To Iraqis used to Saddam Hussein’s inflexible rule, his cynicism and indifference to the suffering of others, Negroponte’s arrival in Baghdad will require no prolonged adaptation to the rule or style of America’s new pro-consul in the country. They will have exchanged one man on horseback for another. For those who are familiar with his professional history, it will take a clothespin on one’s nose for his Iraqi audience to stomach any speech that he makes touting democracy.


Negroponte’s Recent Past


After Negroponte had been nominated for the U.N. Ambassadorship, he was scheduled for a potentially withering cross-examination by his detractors on the Senate Foreign Relations Committee for his actions in Honduras, as part of his confirmation hearings that were being conducted for that post. But he was spared any further scrutiny by the occurrence of 9/11 and the overpowering feeling in the Senate that the U.S. must quickly fill the existing UN vacancy, by a peremptory vote. Thus, rather than be submitted to exacting querying, the process then turned out to be little better than a pro-forma interrogation.

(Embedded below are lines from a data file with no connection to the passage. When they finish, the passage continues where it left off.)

Lemma proj_factor_choice {R : pzRingType} {I : Type} {M N : I -> lmodType R}
    {s : forall i, M i -> N i} :
  (forall i, proj_factor (s i)) ->
  exists (Q : I -> lmodType R) (beta : forall i, M i -> Q i)
    (gamma : forall i, Q i -> N i),
    [/\ forall i, projective_mod (Q i), forall i, lin (beta i),
        forall i, lin (gamma i) & forall i x, gamma i (beta i x) = s i x].
Proof.
move=> s_fact.
have pack i : exists q : {Q : lmodType R & ((M i -> Q) * (Q -> N i))%type},
    [/\ projective_mod (projT1 q), lin (projT2 q).1, lin (projT2 q).2
      & forall x, (projT2 q).2 ((projT2 q).1 x) = s i x].
  case: (s_fact i) => Q [Q_proj [f [g [f_lin g_lin gf]]]].
  by exists (existT _ Q (f, g)).
pose q i := sval (cid (pack i)).
exists (fun i => projT1 (q i)), (fun i => (projT2 (q i)).1).
exists (fun i => (projT2 (q i)).2).
by split=> i; case: (svalP (cid (pack i))).
Qed.

Lemma null_homotopy_proj_factor_cx {R : pzRingType} {M N : complex R}
    {h : forall i, M i -> N i} {s : forall i, M i -> N (i + 1)} :
  (forall i, proj_factor (s i)) -> null_homotopy h s -> proj_factor_cx h.
Proof.
move=> s_fact hs.
have [Q [beta [gamma [Q_proj beta_lin gamma_lin gb]]]] := proj_factor_choice s_fact.
exists (disk_sum Q); split; first exact: disk_sum_projective.
exists (disk_in Q beta), (disk_out Q gamma); split.
- exact: disk_in_hom.
- exact: disk_out_hom.
- by move=> i x; rewrite /disk_out /disk_in /= !gb -hs.
Qed.

Lemma projective_cx_contractible {R : pzRingType} {Q : complex R} :
  projective_cx Q -> exists s : forall i, Q i -> Q (i + 1),
    (forall i, lin (s i)) /\ null_homotopy (fun i q => q) s.
Proof.
move=> Q_proj; pose Q' i := Q (i + 1).
pose pi := disk_out Q' (fun i (q : Q' i) => q : Q (i + 1)).
have pi_hom : cx_hom pi by apply: disk_out_hom => i; exact: lin_id.
have pi_surj i (q : Q i) : exists p, pi i p = q.
  exists (tr Q i (i - 1 + 1) q, 0).
  by rewrite /pi /disk_out /= tr_tr ?cd0 ?addr0 //; lia.
have [k [[k_lin k_d] pik]] := Q_proj _ _ pi pi_hom pi_surj (fun i q => q)
  (conj (fun i => lin_id) (fun i j x => erefl)).
exists (fun i q => (k i q).2); split=> [i a x y|i q]; first by rewrite k_lin.
have -> : (k (i - 1) (cd Q i (i - 1) q)).2 = (k i q).1.
  by rewrite k_d /= tr_id.
by rewrite -[in LHS](pik i q).
Qed.

Lemma proj_factor_cx_null_homotopy {R : pzRingType} {M N : complex R}
    {h : forall i, M i -> N i} :
  proj_factor_cx h -> exists s : forall i, M i -> N (i + 1),
    (forall i, lin (s i)) /\ null_homotopy h s.
Proof.
case=> P [P_proj [f [g [[f_lin f_d] [g_lin g_d] gf]]]].
have [s [s_lin s_id]] := projective_cx_contractible P_proj.
exists (fun i x => g (i + 1) (s i (f i x))); split=> [i|i x].
  exact: lin_comp (lin_comp (f_lin i) (s_lin i)) (g_lin (i + 1)).
rewrite -gf {1}(s_id i (f i x)) (linD (g_lin i)) g_d -f_d.
by rewrite (tr_natural g_lin).
Qed.

Section DownwardRecursion.
Context {T : int -> Type} (dflt : forall i, T i).
Variables (P : forall i, T i -> Prop) (Rel : forall i j, T i -> T j -> Prop) (c : int).
Hypothesis P_dflt : forall i, c <= i -> P i (dflt i).
Hypothesis P_step : forall i (a : T i),
  P i a -> exists2 b : T (i - 1), P (i - 1) b & Rel i (i - 1) a b.

Local Notation cast := (transport dflt).
Local Notation stage k := {a : T (c - k%:Z) | P _ a}.

Lemma lez_sub0 : c <= c - 0%:Z.
Proof. by rewrite subr0. Qed.

Lemma subz_natS (k : nat) : c - k%:Z - 1 = c - k.+1%:Z.
Proof. lia. Qed.

Definition next_stage {k} (a : stage k) : stage k.+1 :=
  let b := cid2 (P_step _ _ (svalP a)) in
  exist _ (cast _ _ (s2val b)) (transport_pred P (subz_natS k) (s2valP b)).

Lemma next_stage_rel k (a : stage k) : Rel _ _ (sval a) (sval (next_stage a)).
Proof.
rewrite /next_stage; case: cid2 => b _ Rab /=.
have := transport_rel (dflt := dflt) Rel erefl (subz_natS k) Rab.
by rewrite transport_id.
Qed.

Fixpoint stages k : stage k :=
  if k is k'.+1 then next_stage (stages k')
  else exist _ (dflt _) (P_dflt _ lez_sub0).

Definition descending_family i : T i :=
  if i <= c then cast _ i (sval (stages (absz (c - i)%R))) else dflt i.

Lemma downward_recursion : exists F : forall i, T i,
  (forall i, P i (F i)) /\ (forall i, i <= c -> Rel i (i - 1) (F i) (F (i - 1))).
Proof.
exists descending_family; split=> [i|i le_ic]; rewrite /descending_family.
  case: ifP => [le_ic|/negbT gt_ic]; last by apply: P_dflt; lia.
  by apply: transport_pred (svalP _); lia.
have -> : (i - 1 <= c) = true by lia.
have -> : absz (c - (i - 1))%R = (absz (c - i)%R).+1 by lia.
by rewrite le_ic; apply: transport_rel (next_stage_rel _ (stages _)); lia.
Qed.

End DownwardRecursion.

Lemma exact_at {R : pzRingType} {M : complex R} : exact_cx M ->
  forall i (z : M (i - 1)), in_Z z -> exists y : M i, cd M i (i - 1) y = z.
Proof.
move=> M_exact i z z_Z; have := M_exact (i - 1) z z_Z.
by have -> : i - 1 + 1 = i by lia.
Qed.

Lemma exact_descend {R : pzRingType} {M : complex R} {V : lmodType R} {i}
    {t : M i -> V} :
  exact_cx M -> lin t -> (forall m, in_Z m -> t m = 0) ->
  exists t' : M (i - 1) -> V, lin_on_Z t' /\ forall m, t' (cd M i (i - 1) m) = t m.
Proof.
move=> M_exact t_lin t_Z.
(* Stated for every [z], so that [cid] yields a total section of [d] on cycles. *)
have lift_ex z : exists y : M i, in_Z z -> cd M i (i - 1) y = z.
  have [/(exact_at M_exact) [y <-]|z_nZ] := eqVneq (cd M (i - 1) (i - 1 - 1) z) 0.
    by exists y.
  by exists 0 => z_Z; rewrite z_Z eqxx in z_nZ.
pose lift z := sval (cid (lift_ex z)).
have liftK z : in_Z z -> cd M i (i - 1) (lift z) = z := svalP (cid (lift_ex z)).
have t_d m m' : cd M i (i - 1) m = cd M i (i - 1) m' -> t m = t m'.
  by move=> e; apply/eqP; rewrite -subr_eq0 -(linB t_lin) t_Z // /in_Z cdB e subrr.
exists (fun z => t (lift z)); split=> [a x y x_Z y_Z|m].
  rewrite -t_lin; apply: t_d; rewrite (cd_lin M) !liftK //.
  by rewrite /in_Z (cd_lin M) x_Z y_Z scaler0 addr0.
by apply: t_d; rewrite liftK //; exact: cd_dd.
Qed.

Definition cycles {R : pzRingType} (X : complex R) k : {pred X k} :=
  fun x => cd X k (k - 1) x == 0.

Lemma cycles_closed {R : pzRingType} (X : complex R) k :
  GRing.submod_closed (cycles X k).
Proof.
split=> [|a u v]; rewrite !unfold_in /cycles ?cd0 // (cd_lin X).
by move=> /eqP-> /eqP->; rewrite scaler0 addr0.
Qed.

This scenario is sure to be replicated when it comes to the Iraq post. The nomination is another in a series of disturbing foreign relations moves by the Bush administration and the Secretary of State, Colin Powell, which has had its ramifications when it comes to Latin America. After all, Negroponte played a key role when it came to manipulating a string of weak leaders in Mexico and Chile in order to persuade them to fire their respective ambassadors to the UN because they opposed Negroponte’s position on Iraq. Negroponte’s complicity in efforts to obtain the discharge of Mexico’s ambassador Adolfo Abullar Zinnser and Chile’s Juan Gabriel Valdes scarcely differed from his purported perjured testimony in which he covered up the full extent of his knowledge of the human rights abuses committed by the Honduran military during his stay in that country, and his testimony over the details of his involvement in the Iran-Contra scandal. He also admitted to the illicit diversion of U.S. aid to Honduras for the Contra forces, which normally should have disbarred any attempt to let him into a higher posting. Unfortunately, the Senate Foreign Relations Committee and its chairman can be counted on to do themselves little honour by trivializing their advice and consent responsibility when it comes to sending off this appointee to Baghdad.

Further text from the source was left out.